Two prisoners have been charged with McGuinn’s death and may get the death penalty.
The Maryland Correctional Institution was understaffed during McGuinn’s killing, with 47 vacancies, according to the then-Commissioner of Correction Frank C. Sizer Jr.
Currently, 340 correctional officer vacancies exist, according to Rowley, who says he is working to fill them as soon as possible.
Rowley, a former warden, started as the new commissioner on August 25, a month after McGuinn’s death.
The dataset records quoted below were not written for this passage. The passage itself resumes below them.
Lemma chain_pred_spec k :
  prime (chain_pred psi k) /\ chain_pred psi k psi /\
  (forall a, chain_pred psi k a -> chain_consistent psi a).
Proof.
  induction k as [|k [Hprime [Hseed Hsub]]]; [split; [apply chain_consistent_prime | auto]|].
  pose proof (lindenbaum_mc _ _ Hprime Hseed) as Hmc.
  assert (Hcc : forall d, mc_chain psi k d -> chain_consistent psi d)
    by (intros d Hd; exact (Hsub d (lindenbaum_sub _ _ Hprime Hseed d Hd))).
  split; [|split].
  - exact (above_prime _ _ Hmc).
  - exact (above_seed _ _ Hcc).
  - exact (above_chain_consistent _ _ Hmc).
Qed.

Lemma mc_chain_mc k : maximal_consistent (mc_chain psi k).
Proof. destruct (chain_pred_spec k) as [Hprime [Hseed _]]. exact (lindenbaum_mc _ _ Hprime Hseed). Qed.

Lemma mc_chain_seed k : mc_chain psi k psi.
Proof. apply lindenbaum_seed. Qed.

Lemma mc_chain_box0 k x : mc_chain psi (S k) (Box 0 x) -> mc_chain psi k x.
Proof.
  destruct (chain_pred_spec (S k)) as [Hprime [Hseed _]].
  apply (above_box0 psi _ (mc_chain_mc k)).
  exact (lindenbaum_sub _ _ Hprime Hseed).
Qed.

End Chain.

Definition eventually (P : nat -> Prop) : Prop := exists m, forall k, m <= k -> P k.

Lemma eventually_mono (P R : nat -> Prop) :
  (forall k, P k -> R k) -> eventually P -> eventually R.
Proof. intros HPR [m Hm]. exists m. auto. Qed.

Lemma eventually_mono2 (P P' R : nat -> Prop) :
  (forall k, P k -> P' k -> R k) -> eventually P -> eventually P' -> eventually R.
Proof.
  intros HR [m Hm] [m' Hm']. exists (max m m'). intros k Hk.
  apply HR; [apply Hm | apply Hm']; lia.
Qed.

Section LimitValuation.
Variable D : nat -> form -> Prop.
Hypothesis D_mc : forall k, maximal_consistent (D k).
Hypothesis D_box0 : forall k x, D (S k) (Box 0 x) -> D k x.

Lemma D_box0_down k x : D (S k) (Box 0 x) -> D k (Box 0 x).
Proof. intro Hx. apply D_box0, (mc_imp _ (D_mc (S k)) _ _ (box_trans 0 x) Hx). Qed.

Lemma D_dia0_up k a : D k (Dia 0 a) -> D (S k) (Dia 0 a).
Proof.
  intro Ha. destruct (mc_complete _ (D_mc (S k)) (Dia 0 a)) as [H | H]; [exact H|].
  assert (Hbox : D (S k) (Box 0 (Neg a))) by (refine (mc_imp _ (D_mc (S k)) _ _ _ H); prop).
  exfalso. exact (mc_not_both _ (D_mc k) _ (D_box0_down k _ Hbox) Ha).
Qed.

Lemma D_dia0_persist m k a : m <= k -> D m (Dia 0 a) -> D k (Dia 0 a).
Proof. induction 1; auto using D_dia0_up. Qed.

(* Truth at the limit point of the chain.  Variables are false there, an arbitrary
   choice: only boxed formulas are read off the chain. *)
Fixpoint holds (f : form) : Prop :=
  match f with
  | Var _ | Bot => False
  | Imp a b => holds a -> holds b
  | Box 0 a => forall k, D k (Box 0 a)
  | Box 1 a => eventually (fun k => D k a /\ D k (Box 1 a))
  | Box _ _ => True
  end.

Lemma holds_tautology f : tautology f -> holds f.
Proof.
  set (w k b := if excluded_middle_informative (holds (Box k b)) then true else false).
  assert (Htval : forall g, holds g <-> tval (fun _ => false) w g = true).
  { induction g as [n| |a IHa b IHb|k a _]; simpl.
    - split; [contradiction | discriminate].
    - split; [contradiction | discriminate].
    - rewrite IHa, IHb. destruct (tval _ _ a), (tval _ _ b); simpl; intuition.
    - unfold w. destruct (excluded_middle_informative _); split; easy. }
  intro Hf. apply Htval, Hf.
Qed.

Lemma holds_K k a b : holds (Imp (Box k (Imp a b)) (Imp (Box k a) (Box k b))).
Proof.
  destruct k as [|[|k]]; simpl; [| |easy].
  - intros Hab Ha j. exact (mc_imp2 _ (D_mc j) _ _ _ (glp_K 0 a b) (Hab j) (Ha j)).
  - apply eventually_mono2. intros j [Hab Hbab] [Ha Hba]. split.
    + exact (mc_mp _ (D_mc j) _ _ Hab Ha).
    + exact (mc_imp2 _ (D_mc j) _ _ _ (glp_K 1 a b) Hbab Hba).
Qed.
Definition Phi (v : 'rV[R]_(p1 * p1 + p2 * p2)) :
    'rV[R]_(p2 * p2 + (p1 * p1 + p2 * p2)) :=
  let L := vec_mx (lsubmx v) in let T := vec_mx (rsubmx v) in
  row_mx (mxvec (A L T)) (row_mx (mxvec (L - L^T)) (mxvec (T - T^T))).

Lemma Phi_linear : linear Phi.
Proof.
move=> c u v; rewrite /Phi !linearP /= Aop_linear !scale_row_mx !add_row_mx.
congr row_mx; first exact: linearP.
by congr row_mx; rewrite -[RHS]linearP; congr mxvec; rewrite scalerBr scalerN addrACA.
Qed.

HB.instance Definition _ := GRing.isLinear.Build R _ _ _ Phi Phi_linear.

Lemma Phi_vecp L T : L^T = L -> T^T = T -> Phi (vecp L T) = row_mx (mxvec (A L T)) 0.
Proof.
move=> Lsym Tsym; rewrite /Phi /vecp row_mxKl row_mxKr !mxvecK Lsym Tsym !subrr.
by rewrite !linear0 row_mx0.
Qed.

Lemma Phi_eq0 v : Phi v = 0 ->
  exists L T, [/\ L^T = L, T^T = T, A L T = 0 & v = vecp L T].
Proof.
rewrite /Phi => /eqP; rewrite !row_mx_eq0 !mxvec_eq0.
move=> /and3P [/eqP A0 /eqP/subr0_eq/esym Lsym /eqP/subr0_eq/esym Tsym].
exists (vec_mx (lsubmx v)), (vec_mx (rsubmx v)).
by split=> //; rewrite /vecp !vec_mxK hsubmxK.
Qed.

Lemma mxvec_dot a b (M M' : 'M[R]_(a, b)) :
  (mxvec M *m (mxvec M')^T) 0 0 = \tr (M *m M'^T).
Proof.
rewrite mxtrace_mul_trmx mxE (reindex _ (curry_mxvec_bij _ _)) /= pair_bigA.
by apply: eq_bigr => [[i j]] _ /=; rewrite mxE !mxvecE.
Qed.

Lemma vecp_dot L T L' T' :
  (vecp L T *m (vecp L' T')^T) 0 0 = \tr (L *m L'^T) + \tr (T *m T'^T).
Proof. by rewrite /vecp tr_row_mx mul_row_col mxE !mxvec_dot. Qed.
He said he is going to be actively involved with correctional personnel, and plans to drop in on midnight shifts and roll calls.
“It is all about these people,” Rowley said, of the correctional officers.
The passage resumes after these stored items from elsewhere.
Lemma bounded_below_of_nonincreasing_near_0 (g : R -> R) r x : 0 < r <= x ->
  (forall s, r <= s <= x -> continuous g s) -> (forall s, 0 < s <= r -> g r <= g s) ->
  exists B, 0 <= B /\ forall s, 0 < s <= x -> - B <= g s.
Proof.
  intros Hrx Hc Hdecr.
  destruct (continuity_ab_min g r x ltac:(lra)) as [M [HM _]].
  { intros c Hc'. apply continuity_pt_filterlim, Hc, Hc'. }
  exists (Rmax 0 (- g M)). split; [apply Rmax_l|]. intros s Hs.
  pose proof (Rmax_r 0 (- g M)). specialize (HM r ltac:(lra)) as HMr.
  destruct (Rle_dec r s); [specialize (HM s ltac:(lra)) | specialize (Hdecr s ltac:(lra))]; lra.
Qed.

(** * Differentiation along a segment *)

Definition segpt (a x m : R) := (1 - m) / 2 * a + (1 + m) / 2 * x.

Lemma segpt_shift a x m : segpt a x m = a + (1 + m) / 2 * (x - a).
Proof. unfold segpt; field. Qed.

Lemma segpt_m1 a x : segpt a x (-1) = a.
Proof. unfold segpt; field. Qed.

Lemma segpt_in_01 a x m : 0 < a < 1 -> 0 < x < 1 -> -1 <= m <= 1 -> 0 < segpt a x m < 1.
Proof. intros. rewrite segpt_shift. destruct (Rle_dec a x); split; nra. Qed.

Lemma segpt_between a x m : a <= x -> -1 <= m <= 1 -> a <= segpt a x m <= x.
Proof. intros. rewrite segpt_shift. split; nra. Qed.

Lemma segpt_le_mono a x m m' : a <= x -> m <= m' -> segpt a x m <= segpt a x m'.
Proof. intros. rewrite !segpt_shift. nra. Qed.

Lemma segpt_lt_mono a x m m' : a < x -> m < m' -> segpt a x m < segpt a x m'.
Proof. intros. rewrite !segpt_shift. nra. Qed.

Lemma is_derive_segpt_x a x m : is_derive (fun y => segpt a y m) x ((1 + m) / 2).
Proof. unfold segpt. auto_derive; [exact I | ring]. Qed.

Lemma is_derive_segpt_m a x m : is_derive (segpt a x) m ((x - a) / 2).
Proof. unfold segpt. auto_derive; [exact I | field]. Qed.

Lemma continuity_2d_segpt a x t : continuity_2d_pt (fun u v => segpt a u v) x t.
Proof.
  unfold segpt. apply continuity_2d_pt_plus; apply continuity_2d_pt_mult.
  - apply (continuity_2d_pt_ext (fun u v => (1 - v) * / 2)); [reflexivity|].
    apply continuity_2d_pt_mult, continuity_2d_pt_const.
    apply continuity_2d_pt_minus; [apply continuity_2d_pt_const | apply continuity_2d_pt_id2].
  - apply continuity_2d_pt_const.
  - apply (continuity_2d_pt_ext (fun u v => (1 + v) * / 2)); [reflexivity|].
    apply continuity_2d_pt_mult, continuity_2d_pt_const.
    apply continuity_2d_pt_plus; [apply continuity_2d_pt_const | apply continuity_2d_pt_id2].
  - apply continuity_2d_pt_id1.
Qed.

Lemma continuous_comp_segpt (g : R -> R) a x m :
  continuous g (segpt a x m) -> continuous (fun m => g (segpt a x m)) m.
Proof.
  intros Hg. apply (continuous_comp (segpt a x) g); [|exact Hg].
  exact (continuous_of_is_derive _ _ _ (is_derive_segpt_m a x m)).
Qed.

Section DerivativeUnderIntegral.

Variables (g g' rho : R -> R) (a : R).
Hypothesis g_derive : forall t, 0 < t < 1 -> is_derive g t (g' t).
Hypothesis g'_cont : forall t, 0 < t < 1 -> continuous g' t.
Hypothesis rho_cont : forall m, continuous rho m.

Lemma is_derive_integrand y m : 0 < segpt a y m < 1 ->
  is_derive (fun z => g (segpt a z m) * rho m) y (g' (segpt a y m) * ((1 + m) / 2 * rho m)).
Proof.
  intros Hy.
  replace (g' (segpt a y m) * ((1 + m) / 2 * rho m))
    with (((1 + m) / 2 * g' (segpt a y m)) * rho m) by ring.
  apply (is_derive_scal_l (fun z => g (segpt a z m)) y _ (rho m)).
  apply (is_derive_comp g (fun z => segpt a z m)); [apply g_derive, Hy | apply is_derive_segpt_x].
Qed.

Lemma continuous_dsegpt_mul_rho m : continuous (fun v => (1 + v) / 2 * rho v) m.
Proof.
  apply (continuous_mult (fun v => (1 + v) / 2)), rho_cont.
  apply (continuous_of_is_derive _ _ (/ 2)). auto_derive; [exact I | field].
Qed.

Lemma continuity_2d_dintegrand x t : 0 < segpt a x t < 1 ->
  continuity_2d_pt (fun u v => g' (segpt a u v) * ((1 + v) / 2 * rho v)) x t.
Proof.
  intros Ht. apply continuity_2d_pt_mult.
  - apply (continuity_1d_2d_pt_comp g' (fun u v => segpt a u v)).
    + apply continuity_pt_filterlim, g'_cont, Ht.
    + apply continuity_2d_segpt.
  - apply (continuity_1d_2d_pt_comp (fun v => (1 + v) / 2 * rho v) (fun _ v => v)).
    + apply continuity_pt_filterlim, continuous_dsegpt_mul_rho.
    + apply continuity_2d_pt_id2.
Qed.

Hypothesis a_in : 0 < a < 1.

Lemma is_derive_RInt_segpt x : 0 < x < 1 ->
  is_derive (fun y => RInt (fun m => g (segpt a y m) * rho m) (-1) 1) x
    (RInt (fun m => g' (segpt a x m) * ((1 + m) / 2 * rho m)) (-1) 1).
Proof.
  intros Hx.
  assert (Hloc : locally x (fun y => 0 < y < 1)).
  { apply (open_and (fun y => 0 < y)); [apply open_gt | apply open_lt | exact Hx]. }
  assert (Hsegpt : forall y m, 0 < y < 1 -> -1 <= m <= 1 -> 0 < segpt a y m < 1)
    by (intros; apply segpt_in_01; assumption).
  rewrite (RInt_ext _ (fun t => Derive (fun u => g (segpt a u t) * rho t) x)).
  2:{ intros m Hm. rewrite Rmin_left, Rmax_right in Hm by lra.
      symmetry; apply is_derive_unique, is_derive_integrand, Hsegpt; lra. }
  apply is_derive_RInt_param_aux; rewrite ?Rmin_left, ?Rmax_right by lra.
  - apply (filter_imp (fun y => 0 < y < 1)); [|exact Hloc].
    intros y Hy t Ht. eexists. apply is_derive_integrand, Hsegpt; assumption.
  - intros t Ht. pose proof (Hsegpt x t Hx Ht) as Hxt.
    assert (Hr : 0 < Rmin (segpt a x t) (1 - segpt a x t)) by (apply Rmin_glb_lt; lra).
    pose proof (continuity_2d_segpt a x t (mkposreal _ Hr)) as Hnear.
    eapply continuity_2d_pt_ext_loc; [|apply continuity_2d_dintegrand, Hxt].
    eapply locally_2d_impl; [|exact Hnear]. apply locally_2d_forall. intros u v Huv.
    symmetry; apply is_derive_unique, is_derive_integrand.
    apply Rabs_lt_between in Huv. simpl in Huv.
    pose proof (Rmin_l (segpt a x t) (1 - segpt a x t)).
    pose proof (Rmin_r (segpt a x t) (1 - segpt a x t)). lra.
  - apply (filter_imp (fun y => 0 < y < 1)); [|exact Hloc].
    intros y Hy. apply ex_RInt_of_continuous; [lra|]. intros m Hm.
    apply (continuous_mult (fun m => g (segpt a y m))), rho_cont.
    apply continuous_comp_segpt, (continuous_of_is_derive _ _ _ (g_derive _ (Hsegpt y m Hy Hm))).
  - apply (ex_RInt_ext (fun m => g' (segpt a x m) * ((1 + m) / 2 * rho m))).
    { intros m Hm. rewrite Rmin_left, Rmax_right in Hm by lra.
      symmetry; apply is_derive_unique, is_derive_integrand, Hsegpt; lra. }
    apply ex_RInt_of_continuous; [lra|]. intros m Hm.
    apply (continuous_mult (fun m => g' (segpt a x m))), continuous_dsegpt_mul_rho.
    apply continuous_comp_segpt, g'_cont, Hsegpt; assumption.
Qed.

End DerivativeUnderIntegral.

(** * The moments M_k and the numerator N *)

Definition weight (k : nat) (m : R) := ((1 + m) / 2) ^ k * sqrt (1 - m).

Lemma continuous_weight k m : continuous (weight k) m.
Proof.
  apply (continuous_mult (fun m => ((1 + m) / 2) ^ k)).
  - apply (continuous_of_is_derive _ _ (INR k * / 2 * ((1 + m) / 2) ^ pred k)).
    auto_derive; [exact I | unfold Rdiv; ring].
  - apply continuous_sqrt_comp, (continuous_of_is_derive _ _ (-1)). auto_derive; [exact I | ring].
Qed.

Lemma weight_succ k m : weight (S k) m = (1 + m) / 2 * weight k m.
Proof. unfold weight. simpl. ring. Qed.

Lemma weight_bounds k m : -1 <= m <= 1 -> 0 <= weight k m <= 2.
Proof.
  intros Hm. induction k as [|k IH].
  - unfold weight. rewrite pow_O, Rmult_1_l. split; [apply sqrt_pos|].
    rewrite <- (sqrt_square 2) by lra. apply sqrt_le_1_alt. lra.
  - rewrite weight_succ. split; nra.
Qed.

Lemma V0_pos x a : 0 < a < 1 -> 0 < x < 1 -> 0 < V0 x a < 1.
Proof. unfold V0; lra. Qed.

Lemma is_derive_V0 x a : is_derive (fun y => V0 y a) x (4 / 15).
Proof. unfold V0. auto_derive; [exact I | ring]. Qed.

Section Profile.

Variable f : R -> R.
Hypothesis f_smooth : forall n t, 0 < t < 1 -> ex_derive_n f n t.

Lemma is_derive_Derive_n n t : 0 < t < 1 -> is_derive (Derive_n f n) t (Derive_n f (S n) t).
Proof. intros Ht. apply Derive_correct, (f_smooth (S n) t Ht). Qed.

Lemma continuous_Derive_n n t : 0 < t < 1 -> continuous (Derive_n f n) t.
Proof. intros Ht. exact (continuous_of_is_derive _ _ _ (is_derive_Derive_n n t Ht)). Qed.

Lemma continuous_Derive_n_segpt n a x m : 0 < a < 1 -> 0 < x < 1 -> -1 <= m <= 1 ->
  continuous (fun m => Derive_n f n (segpt a x m)) m.
Proof. intros. apply continuous_comp_segpt, continuous_Derive_n, segpt_in_01; assumption. Qed.

Definition moment (k : nat) (a x : R) : R :=
  RInt (fun m => Derive_n f (S k) (segpt a x m) * weight k m) (-1) 1.

Lemma is_derive_moment k a x : 0 < a < 1 -> 0 < x < 1 ->
  is_derive (moment k a) x (moment (S k) a x).
Proof.
  intros Ha Hx. unfold moment.
  rewrite (RInt_ext _ (fun m => Derive_n f (S (S k)) (segpt a x m) * ((1 + m) / 2 * weight k m)))
    by (intros; rewrite weight_succ; reflexivity).
  apply is_derive_RInt_segpt; auto using is_derive_Derive_n, continuous_Derive_n, continuous_weight.
Qed.

Definition numer (a x : R) : R := V0 x a * moment 1 a x - 4 / 15 * moment 0 a x.

Lemma is_derive_numer a x : 0 < a < 1 -> 0 < x < 1 ->
  is_derive (numer a) x (V0 x a * moment 2 a x).
Proof.
  intros Ha Hx. unfold numer.
  replace (V0 x a * moment 2 a x)
    with ((4 / 15 * moment 1 a x + V0 x a * moment 2 a x) - 4 / 15 * moment 1 a x) by ring.
  apply (is_derive_minus (fun y => V0 y a * moment 1 a y)).
  - apply (Derive.is_derive_mult (fun y => V0 y a));
      [apply is_derive_V0 | apply is_derive_moment; assumption].
  - apply is_derive_scal, is_derive_moment; assumption.
Qed.

Lemma is_derive_moment0_div_V0 a x : 0 < a < 1 -> 0 < x < 1 ->
  is_derive (fun y => moment 0 a y / V0 y a) x (numer a x / V0 x a ^ 2).
Proof.
  intros Ha Hx. pose proof (V0_pos x a Ha Hx).
  replace (numer a x / V0 x a ^ 2)
    with ((moment 1 a x * V0 x a - moment 0 a x * (4 / 15)) / V0 x a ^ 2) by (unfold numer; field; lra).
  apply (is_derive_div (moment 0 a) (fun y => V0 y a) x (moment 1 a x) (4 / 15));
    [apply is_derive_moment | apply is_derive_V0 | lra]; assumption.
Qed.

Lemma J0_moment0 x a : J0 f x a = - / (4 * sqrt 2) * (moment 0 a x / V0 x a).
Proof.
  unfold J0, G0, moment, weight.
  rewrite (RInt_ext (fun m => Derive_n f 1 (segpt a x m) * (((1 + m) / 2) ^ 0 * sqrt (1 - m)))
                    (fun mu => Derive f ((1 - mu) / 2 * a + (1 + mu) / 2 * x) * sqrt (1 - mu)))
    by (intros; rewrite pow_O, Rmult_1_l; reflexivity).
  unfold Rdiv. ring.
Qed.

Lemma is_derive_J0 a x : 0 < a < 1 -> 0 < x < 1 ->
  is_derive (fun xi => J0 f xi a) x (- / (4 * sqrt 2) * (numer a x / V0 x a ^ 2)).
Proof.
  intros Ha Hx. apply (is_derive_ext (fun y => - / (4 * sqrt 2) * (moment 0 a y / V0 y a))).
  - intros y. symmetry. apply J0_moment0.
  - apply is_derive_scal, is_derive_moment0_div_V0; assumption.
Qed.

Lemma J0_critical_iff a x : 0 < a < 1 -> 0 < x < 1 ->
  is_derive (fun xi => J0 f xi a) x 0 <-> numer a x = 0.
Proof.
  intros Ha Hx. pose proof (is_derive_J0 a x Ha Hx) as HJ.
  pose proof (V0_pos x a Ha Hx). assert (0 < sqrt 2) by (apply sqrt_lt_R0; lra).
  split.
  - intros Hcrit. pose proof (is_derive_unique _ _ _ Hcrit) as E.
    rewrite (is_derive_unique _ _ _ HJ) in E.
    replace (numer a x) with (- / (4 * sqrt 2) * (numer a x / V0 x a ^ 2) * (- 4 * sqrt 2 * V0 x a ^ 2))
      by (field; lra).
    rewrite E. ring.
  - intros Nx. rewrite Nx in HJ. replace 0 with (- / (4 * sqrt 2) * (0 / V0 x a ^ 2)) by (field; lra).
    exact HJ.
Qed.

Hypothesis f'_neg : forall t, 0 < t < 1 -> Derive_n f 1 t < 0.
Hypothesis f_onto : forall y, exists t, 0 < t < 1 /\ f t = y.

Lemma f_decreasing s t : 0 < s < t -> t < 1 -> f t < f s.
Proof.
  intros Hs Ht. apply (lt_of_derive_neg f (Derive_n f 1)); [lra| |].
  - intros x Hx. apply (is_derive_Derive_n 0). lra.
  - intros x Hx. apply f'_neg. lra.
Qed.

Lemma f_large_near_0 M : exists d, 0 < d < 1 /\ forall a, 0 < a <= d -> M < f a.
Proof.
  destruct (f_onto (M + 1)) as [d [Hd Hfd]]. exists d. split; [exact Hd|].
  intros a Ha. destruct (Req_dec a d) as [->|Hne]; [lra|].
  pose proof (f_decreasing a d ltac:(lra) ltac:(lra)). lra.
Qed.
While AFSCME director Bailey was very positive about the increased prison security funding, he criticized the amount of time it took for actions to be taken by the administration, saying they were “a day late and a dollar short.”
” . . .my response to the administration is that it is very unfortunate that they would have to wait until two correctional officers have died,” Bailey said.
Another guard was killed earlier this year. Before that death, a guard had not been killed in a Maryland prison since 1984.
Bailey said that he felt that the union’s pleas for equipment and action had been ignored. He also cautioned that merely buying new equipment wasn’t going to be a cure-all.
Rowley acknowledged that increased security was going to take more than merely throwing money at the problem. “It’s not all about equipment,” Rowley said. “It’s about procedural changes [as well]. The equipment is as good as the staff using it.